Everything in Python has a type, even the data in **pandas** data frame columns. While you may be more familiar with numbers and even strings, there is also a special data type for categorical data called `Categorical`. There are some benefits to using categorical variables (where appropriate):

- they can keep track even when elements of the category isn't present, which can sometimes be as interesting as when they are (imagine you find no-one from a particular school goes to university)
- they can use vastly less of your computer's memory than encoding the same information in other ways
- they can be used efficiently with modelling packages, where they will be recognised as potential 'dummy variables', or with plotting packages, which will treat them as discrete values
- you can order them (for example, "neutral", "agree", "strongly agree")

All values of categorical data for a **pandas** column are either in the given categories or take the value `np.nan`. 

## Creating Categorical Data

Let's create a categorical column of data:

In [None]:
import numpy as np
import pandas as pd

df = pd.DataFrame({"A": ["a", "b", "c", "a"]})

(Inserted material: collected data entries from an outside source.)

Lemma lcs_brl n x y : lcs n x -> lcs n.+1 (br x y).
Proof. by move=> Hx; rewrite brC; apply/lcsN/lcs_br. Qed.

Lemma lcs_br_lcs i j x y : lcs i x -> lcs j y -> lcs (i + j) (br x y).
Proof.
move=> Hx Hy; elim: Hy i x Hx => {j y} [y|j a b _ IH|j|j y z _ IHy _ IHz|j k y _ IH]
  i x Hx; rewrite ?addnS.
- by rewrite addn0; apply: lcs_brl.
- rewrite br_brE; apply: lcs_add.
    by rewrite brC -addSn; apply/lcsN/IH/lcs_br.
  by apply/lcsN/lcs_br; rewrite brC; apply/lcsN/IH.
- by rewrite br0r; apply: lcs_zero.
- by rewrite brDr; apply: lcs_add; rewrite -addnS; [apply: IHy | apply: IHz].
- by rewrite brZr; apply: lcs_scale; rewrite -addnS; apply: IH.
Qed.

Lemma lcsW n x : lcs n.+2 x -> lcs n.+1 x.
Proof.
move En2 : n.+2 => m Hx; elim: Hx n En2 => {m x}
  [x|m a b Hb IH|m|m x y _ IHx _ IHy|m k x _ IH] n // [Em]; subst m.
- by case: n IH Hb => [|n] IH Hb; [apply: lcs_one | apply/lcs_br/IH].
- exact: lcs_zero.
- by apply: lcs_add; [apply: IHx | apply: IHy].
- by apply/lcs_scale/IH.
Qed.

Lemma lcs_leq m n x : (0 < m <= n)%N -> lcs n x -> lcs m x.
Proof.
case: m => // m /= /subnK <-; elim: (n - m.+1)%N => // k IH.
by rewrite addSn addnS => /lcsW; rewrite -addnS.
Qed.

End LieAlgebra.

Section RotaBaxter.
Variables (K : fieldType) (V : lmodType K) (br : V -> V -> V) (R : V -> V).
Hypotheses (hL : lie_bracket br) (hRlin : linear_map R) (hRB : rota_baxter1 br R).

Definition brR x y := br (R x) y + br x (R y) + br x y.

Lemma R_brR x y : R (brR x y) = br (R x) (R y).
Proof. by rewrite hRB. Qed.

Lemma R_br_R x y : R (br x (R y)) = br (R x) (R y) + R (br y (R x)) - R (br x y).
Proof.
rewrite hRB !(linear_mapD hRlin) (brC hL y) (linear_mapN hRlin).
by rewrite addrAC addrK [R (br (R x) y) + _]addrC addrK.
Qed.

Definition phiR x := x - 2%:R^-1 *: br (R x) x
  + 12%:R^-1 *: (br (br (R x) x) x + br (R x) (br (R x) x))
  + 4%:R^-1 *: br (R (br (R x) x)) x.

Lemma frakR_phiR x : frakR br R x = R (phiR x).
Proof.
by rewrite /frakR /phiR !(linear_mapD hRlin, linear_mapZ hRlin, linear_mapN hRlin).
Qed.

Hypothesis hnil : forall x, lcs br 4 x -> x = 0.
Hypotheses (hR2 : forall x, lcs br 2 x -> lcs br 2 (R x))
           (hR3 : forall x, lcs br 3 x -> lcs br 3 (R x)).

Lemma lcs_eq0 n x : (4 <= n)%N -> lcs br n x -> x = 0.
Proof. by move=> n_ge4 /(lcs_leq _) lcs4x; apply/hnil/lcs4x. Qed.

Lemma R_lcs n x : lcs br n x -> lcs br n (R x).
Proof.
case: n => [|[|[|[|n]]]] Hx; first by inversion Hx.
- exact: lcs_one.
- exact: hR2.
- exact: hR3.
- by rewrite (lcs_eq0 _ Hx) // (linear_map0 hRlin); apply: lcs_zero.
Qed.

End RotaBaxter.

Inductive mono := MVar of nat | MBr of mono & mono | MR of mono.

Fixpoint mono_eqb a b :=
  match a, b with
  | MVar i, MVar j => i == j
  | MBr a1 a2, MBr b1 b2 => mono_eqb a1 b1 && mono_eqb a2 b2
  | MR a, MR b => mono_eqb a b
  | _, _ => false
  end.

Lemma mono_eqP : Equality.axiom mono_eqb.
Proof.
elim=> [i|a1 IH1 a2 IH2|a IH] [j|b1 b2|b] /=; try by constructor.
- by apply: (iffP eqP) => [->|[]].
- apply: (iffP andP) => [[/IH1 -> /IH2 ->] | [<- <-]] //.
  by split; [apply/IH1 | apply/IH2].
- by apply: (iffP (IH b)) => [->|[]].
Qed.

HB.instance Definition _ := hasDecEq.Build mono mono_eqP.

(* Since R preserves the lower central series, MR does not raise the degree. *)
Fixpoint mdeg m : nat :=
  match m with MVar _ => 1 | MBr a b => mdeg a + mdeg b | MR a => mdeg a end.

Fixpoint mono_cmp a b : comparison :=
  match Nat.compare (mdeg a) (mdeg b) with
  | Eq =>
    match a, b with
    | MVar i, MVar j => Nat.compare i j
    | MVar _, _ => Lt
    | _, MVar _ => Gt
    | MR x, MR y => mono_cmp x y
    | MR _, MBr _ _ => Lt
    | MBr _ _, MR _ => Gt
    | MBr x1 x2, MBr y1 y2 =>
      if mono_cmp x1 y1 is Eq then mono_cmp x2 y2 else mono_cmp x1 y1
    end
  | c => c
  end.

Definition mono_lt a b := if mono_cmp a b is Lt then true else false.

Definition lpoly := seq (rat * mono).

Definition pscale (c : rat) (p : lpoly) : lpoly := [seq (c * cm.1, cm.2) | cm <- p].

Fixpoint pbind (f : mono -> lpoly) (p : lpoly) : lpoly :=
  if p is (c, m) :: p' then pscale c (f m) ++ pbind f p' else [::].

Fixpoint pinsert c m (p : lpoly) : lpoly :=
  match p with
  | [::] => [:: (c, m)]
  | (c', m') :: p' =>
    if m == m' then (c + c', m) :: p' else (c', m') :: pinsert c m p'
  end.

Definition pcollect (p : lpoly) : lpoly :=
  foldr (fun cm => pinsert cm.1 cm.2) [::] p.

(* The rewriting rules below are sound whatever the order mono_lt; it only
   steers them towards normal forms. *)
Definition br_jacobi x y : lpoly :=
  if y is MBr a b then
    if [&& mdeg x == 1, mdeg y == 2 & mono_lt b x]%N
    then [:: (1, MBr b (MBr a x)); (-1, MBr a (MBr b x))]
    else [:: (1, MBr x y)]
  else [:: (1, MBr x y)].

Definition br_mono a b : lpoly :=
  if (4 <= mdeg a + mdeg b)%N then [::]
  else if a == b then [::]
  else if mono_lt b a then pscale (-1) (br_jacobi b a) else br_jacobi a b.

(* The Rota-Baxter identity used as a rewrite rule for R [x_i, R x_j], i < j. *)
Definition R_mono m : lpoly :=
  if m is MBr (MVar i) (MR (MVar j)) then
    if (i < j)%N then
      [:: (1, MBr (MR (MVar i)) (MR (MVar j))); (1, MR (MBr (MVar j) (MR (MVar i))));
          (-1, MR (MBr (MVar i) (MVar j)))]
    else [:: (1, MR m)]
  else [:: (1, MR m)].

Definition pbr (p q : lpoly) : lpoly := pbind (fun m => pbind (br_mono m) q) p.

Inductive expr :=
  | EVar of nat | EBr of expr & expr | ER of expr
  | EAdd of expr & expr | EOpp of expr | EScaleInv of nat & expr.

Fixpoint nf e : lpoly :=
  match e with
  | EVar n => [:: (1, MVar n)]
  | EBr a b => pbr (nf a) (nf b)
  | ER a => pbind R_mono (nf a)
  | EAdd a b => nf a ++ nf b
  | EOpp a => pscale (-1) (nf a)
  | EScaleInv n a => pscale n%:R^-1 (nf a)
  end.

(* A sound but incomplete test for e1 = e2. *)
Definition expr_eqb e1 e2 :=
  all (fun cm => cm.1 == 0) (pcollect (nf (EAdd e1 (EOpp e2)))).

Section Reflection.
Variables (K : fieldType) (V : lmodType K) (br : V -> V -> V) (R : V -> V).
Variable env : nat -> V.

Fixpoint mono_eval m :=
  match m with
  | MVar n => env n
  | MBr a b => br (mono_eval a) (mono_eval b)
  | MR a => R (mono_eval a)
  end.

df["A"] = df["A"].astype("category")
df["A"]

Notice that we get some additional information at the bottom of the shown series: we get told that not only is this a categorical column type, but it has three values 'a', 'b', and 'c'.

You can also use special functions, such as `pd.cut()`, to groups data into discrete bins. Here's an example where specify the labels for the categories directly:


In [None]:
df = pd.DataFrame({"value": np.random.randint(0, 100, 20)})
labels = [f"{i} - {i+9}" for i in range(0, 100, 10)]
df["group"] = pd.cut(df.value, range(0, 105, 10), right=False, labels=labels)
df.head()

In the example above, the `group` column is of categorical type.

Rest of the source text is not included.